Ed Catmull, Steve Jobs and John Lasseter

It also exposes another major contributing factor to the company’s success: Steve Jobs’ patience. Toy Story is when the wider world noticed Pixar, but they’d been going for years, pushing boundaries and breaking ground with short films and advertising, but not making a profit. But Jobs stuck with it, giving them more money, because he took a long-term view. Of course, it paid off, and when they did hit it big, it was his business acumen that secured the future of the company: taking them public (which brought in massive funds) and striking a new, better deal with Disney. It’s easy for us to look at the quality of their films and go “that’s what changed things”, but the business side is a vital component too.

Change things they certainly did, as the documentary shows towards the end, with 2D animation dying off and the Disney buyout-cum-merger with Pixar that would lead to 2D being saved — hurrah! Of course, this film is now 11 years old, and we know things didn’t end so happily: despite Lasseter & co’s commitment to helping 2D stay alive, Disney have released jus two traditionally-animated feature films since then, and the last of those was in 2011, apparently with no more planned.

Luxo, pre-logo

It’s at this point the film is also forced to acknowledge Cars, which I think most would regard as Pixar’s first real critical flop.
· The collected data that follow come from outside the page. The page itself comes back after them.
Lemma even_subsets_eq (T : finType) (N A B : {set T}) x :
  A \subset N -> B \subset N -> ~~ odd #|A| -> ~~ odd #|B| ->
  {in N :\ x, A =i B} -> A = B.
Proof.
move=> AN BN evenA evenB AB.
have ABx : A :\ x = B :\ x.
  apply/setP => z; rewrite !inE; have [//|zx /=] := eqVneq z x.
  have [zN|zN] := boolP (z \in N); first by apply: AB; rewrite !inE zx.
  by rewrite (contraNF (subsetP AN z)) // (contraNF (subsetP BN z)).
apply/setP => y; have [->|yx] := eqVneq y x; last first.
  by move/setP/(_ y): ABx; rewrite !inE yx.
have mem_x (C : {set T}) : ~~ odd #|C| -> (x \in C) = odd #|C :\ x|.
  by rewrite (cardsD1 x C) oddD; case: (x \in C); case: (odd #|C :\ x|).
by rewrite mem_x // mem_x // ABx.
Qed.

Lemma even_subsets3_eq (T : finType) (N A B : {set T}) w1 w2 :
  #|N| = 3 -> A \subset N -> B \subset N -> ~~ odd #|A| -> ~~ odd #|B| ->
  w1 \in N -> w2 \in N -> w1 != w2 ->
  (w1 \in A) = (w1 \in B) -> (w2 \in A) = (w2 \in B) -> A = B.
Proof.
move=> N3 AN BN evenA evenB Nw1 Nw2 w12 AB1 AB2.
have [x Nx] : exists x, N :\: [set w1; w2] = [set x].
  apply/cards1P; rewrite cardsD (setIidPr _) ?cards2 ?w12 ?N3 //.
  by apply/subsetP => y; rewrite !inE => /orP [] /eqP ->.
apply: (even_subsets_eq (x := x) AN BN evenA evenB) => y; rewrite !inE => /andP [yx yN].
have : y \in [set w1; w2] by apply: contraNT yx => yw; rewrite -in_set1 -Nx inE yw yN.
by rewrite !inE => /orP [] /eqP ->.
Qed.

Lemma twist_at_sym (V0 : finType) (x0 y0 : V0) x y :
  twist_at x0 y0 x y = twist_at x0 y0 y x.
Proof. by rewrite /twist_at orbC andbC [(y == y0) && _]andbC. Qed.

Section CFI.
Variables (V0 : finType) (e0 : rel V0) (tw : V0 -> V0 -> bool).
Hypotheses (e0_sym : symmetric e0) (tw_sym : forall x y, tw x y = tw y x).
Local Notation cfi := (@cfi_rel _ e0 tw).

Definition cfi_internal (z : cfi_vertex e0) : bool :=
  if val z is inr _ then true else false.

Lemma cfi_rel_sym : symmetric cfi.
Proof.
move=> [[[[x y] b]|[v A]] ?] [[[[x' y'] b']|[v' A']] ?] //=.
rewrite /cfi_rel /=; apply/and4P/and4P => -[/eqP <- /eqP <- exy /eqP ->];
  by rewrite !eqxx e0_sym exy tw_sym -addbA addbb addbF.
Qed.

Lemma cfi_internal_indep x y : cfi_internal x -> cfi_internal y -> ~~ cfi x y.
Proof. by case: x y => [[[[? ?] ?]|[? ?]] ?] [[[[? ?] ?]|[? ?]] ?]. Qed.

Lemma cfi_external_matching x c d :
  ~~ cfi_internal x -> ~~ cfi_internal c -> ~~ cfi_internal d ->
  cfi x c -> cfi x d -> c = d.
Proof.
case: x c d => [[[[x y] b]|[? ?]] ?] [[[[y1 x1] b1]|[? ?]] ?]
  [[[[y2 x2] b2]|[? ?]] ?] //= _ _ _ xc xd.
apply: val_inj; move: xc xd; rewrite /cfi_rel /=.
by move=> /and4P [/eqP <- /eqP <- _ /eqP ->] /and4P [/eqP <- /eqP <- _ /eqP ->].
Qed.

Hypothesis e0_cubic : cubic e0.

Lemma cfi_internal_common_nb s t c d :
  cfi_internal s -> cfi_internal t -> c != d ->
  cfi s c -> cfi t c -> cfi s d -> cfi t d -> s = t.
Proof.
case: s t c d => [[[[? ?] ?]|[v A]] vA] [[[[? ?] ?]|[v' A']] vA']
  [[[[x1 w1] b1]|[? ?]] vw1] [[[[x2 w2] b2]|[? ?]] vw2] //= _ _.
rewrite -val_eqE /cfi_rel /= => cd /andP [/eqP vx1 /eqP b1A] /andP [/eqP v'x1 /eqP b1A'].
move=> /andP [/eqP vx2 /eqP b2A] /andP [_ /eqP b2A']; apply: val_inj => /=.
subst x1 x2 v' b1 b2.
have w12 : w1 != w2 by apply: contraNneq cd => ->.
move: vA vA' => /= /andP [AN evenA] /andP [A'N evenA'].
congr (inr (_, _)); apply: (even_subsets3_eq (e0_cubic v) AN A'N evenA evenA' _ _ w12);
  by rewrite ?inE.
Qed.

Lemma cfi_c4_free : c4_free cfi.
Proof.
exact: c4_free_indep_matching cfi_rel_sym cfi_internal_indep cfi_external_matching
  cfi_internal_common_nb.
Qed.

Lemma cfi_nonadjacent_nbs (z : cfi_vertex e0) :
  irreflexive e0 -> (forall v, 1 < #|[set w | e0 v w]|)%N ->
  exists b1 b2, [/\ b1 != b2, cfi z b1, cfi z b2 & ~~ cfi b1 b2].
Proof.
move=> e0_irr deg; case: z => [[[[v w] b]|[v A]] /= z_ok].
  have [w' vw' w'w] : exists2 w', e0 v w' & w' != w.
    have /card_gt1P [w1 [w2 [+ + w12]]] := deg v; rewrite !inE => vw1 vw2.
    by have [w1w|w1w] := eqVneq w1 w; [exists w2; rewrite // -w1w eq_sym | exists w1].
  have wA : (w \in if b then [set w; w'] else set0) = b by case: b; rewrite !inE ?eqxx.
  have A_ok : cfi_valid e0 (inr (v, if b then [set w; w'] else set0)).
    case: b {wA} => /=; last by rewrite sub0set cards0.
    rewrite cards2 eq_sym w'w andbT; apply/subsetP => y.
    by rewrite !inE => /orP [] /eqP ->.
  have wv_ok : cfi_valid e0 (inl (w, v, b (+) tw v w)) by rewrite /= e0_sym.
  exists (exist _ (inl (w, v, b (+) tw v w)) wv_ok), (exist _ (inr (v, _)) A_ok).
  rewrite /cfi_rel /= !eqxx /=.
  have vw : v != w by apply: contraTneq z_ok => <-; rewrite e0_irr.
  by split; rewrite ?z_ok ?(negbTE vw) //; apply/eqP/esym/wA.
have /card_gt1P [w1 [w2 [+ + w12]]] := deg v; rewrite !inE => vw1 vw2.
exists (exist _ (inl (v, w1, w1 \in A)) vw1), (exist _ (inl (v, w2, w2 \in A)) vw2).
rewrite /cfi_rel /= !eqxx; split=> //.
- by rewrite -val_eqE /=; apply: contra w12 => /eqP [->].
- by apply/negP => /and4P [/eqP vw2' /eqP w1v _ _]; rewrite -vw2' -w1v eqxx in w12.
Qed.

End CFI.

Theorem lemma4p19 :
  exists k C : nat,
  forall (p : nat), prime p -> (2 < p)%N ->
  forall (V0 : finType) (e0 : rel V0),
    simple_graph e0 -> cubic e0 -> connected_graph e0 ->
  forall (x0 y0 : V0), e0 x0 y0 ->
  forall (twisted : bool),
    let tw := if twisted then twist_at x0 y0 else @no_twist V0 in
    let G := mekler p (@cfi_rel V0 e0 tw) in
    let n := #|{: G}| in
  forall u v : G,
    #|supp u| = 1%N -> (1 < #|supp v|)%N ->
    spoiler_wins (@mekler_mul p _ (@cfi_rel V0 e0 tw)) (@mekler_mul p _ (@cfi_rel V0 e0 tw))
      (u, v) (C * trunc_log 2 (trunc_log 2 n) + C) (@empty_pos k (G * G)).
Proof.
exists 6, 6 => p p_pr _ V0 e0 [e0_sym e0_irr] e0_cubic _ x0 y0 _ twisted tw G n u v.
move=> /eqP/cards1P [a supp_u] supp_v.
have tw_sym x y : tw x y = tw y x by rewrite /tw; case: (twisted) => //; apply: twist_at_sym.
have E_sym := cfi_rel_sym e0_sym tw_sym.
have deg_gt1 w : (1 < #|[set w' | e0 w w']|)%N by rewrite e0_cubic.
have [b1 [b2 [b12 ab1 ab2 nb12]]] := cfi_nonadjacent_nbs tw e0_sym a e0_irr deg_gt1.
apply: spoiler_wins_le (leq_addl _ _)
  (spoiler_wins_centraliser (h1 := mekler_gen p _ b1) (h2 := mekler_gen p _ b2) _ _ _ _).
- by apply: mekler_gen_comm; rewrite // supp_u sub1set inE.
- by apply: mekler_gen_comm; rewrite // supp_u sub1set inE.
- exact: mekler_gen_noncomm.
- by move=> y1 y2; apply: mekler_centraliser_comm => //; exact: cfi_c4_free.
Qed.
Lemma Find_spec_succ (F : fieldType) (k : nat) :
  [pchar F] =i pred0 -> Find_spec F k.+1 -> Find_spec F k.+2.
Proof.
move=> charF0 Find_k d B B_uniq B_sub; rewrite [Find _ B]/= undup_id //.
split.
- exact: (A_inM Find_k B_uniq B_sub).
- exact: (A_uniq Find_k B_uniq B_sub).
- exact: (size_A Find_k B_uniq B_sub).
- exact: (B_coef_eq0 charF0 Find_k B_uniq B_sub).
Qed.

Lemma Find_correct (F : fieldType) (n : nat) :
  [pchar F] =i pred0 -> (0 < n)%N -> Find_spec F n.
Proof.
move=> charF0; case: n => [// | k] _.
elim: k => [|k IHk]; first exact: Find1_spec.
exact: Find_spec_succ.
Qed.

Unset Implicit Arguments.
Local Close Scope ring_scope.

Theorem lemma4p6 (F : fieldType) (charF0 : [pchar F]%R =i pred0)
  (n d : nat) (n_ge1 : (1 <= n)%N) (B : seq (seq nat))
  (B_uniq : uniq B) (B_ne : B != [::]) (B_sub : all (inM n d) B) :
  let A := Find n B in
  [/\ all (inM n d) A, uniq A, size A = size B & (\det (Tsub F A B) != 0)%R].
Proof.
move=> A; have [A_inM A_uniq size_A A_free] := Find_correct charF0 n_ge1 B_uniq B_sub.
by split=> //; apply: det_Tsub_neq0.
Qed.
They talk about how it was “beautiful” and a “hit”, but then move past it speedily, presumably to gloss over the fact it didn’t go down nearly as well as their other movies. This highlights two things: firstly, that this is certainly no “warts and all” telling — if there were internal conflicts or difficulties, they’re glossed over. Secondly, that the film could do with an update. As I said, it’s 11 years old now, and much has changed in that time. Pixar had only released seven movies at that point and were on top of the world, but since then they’ve released many more (they’re up to 19 now, with #20 imminent) and faced challenges of less-well-received films, a resurgence in the quality and popularity of Disney’s main output, and the likes of DreamWorks and Illumination gaining ground. It would be very interesting to see an update on how that time has been for the company.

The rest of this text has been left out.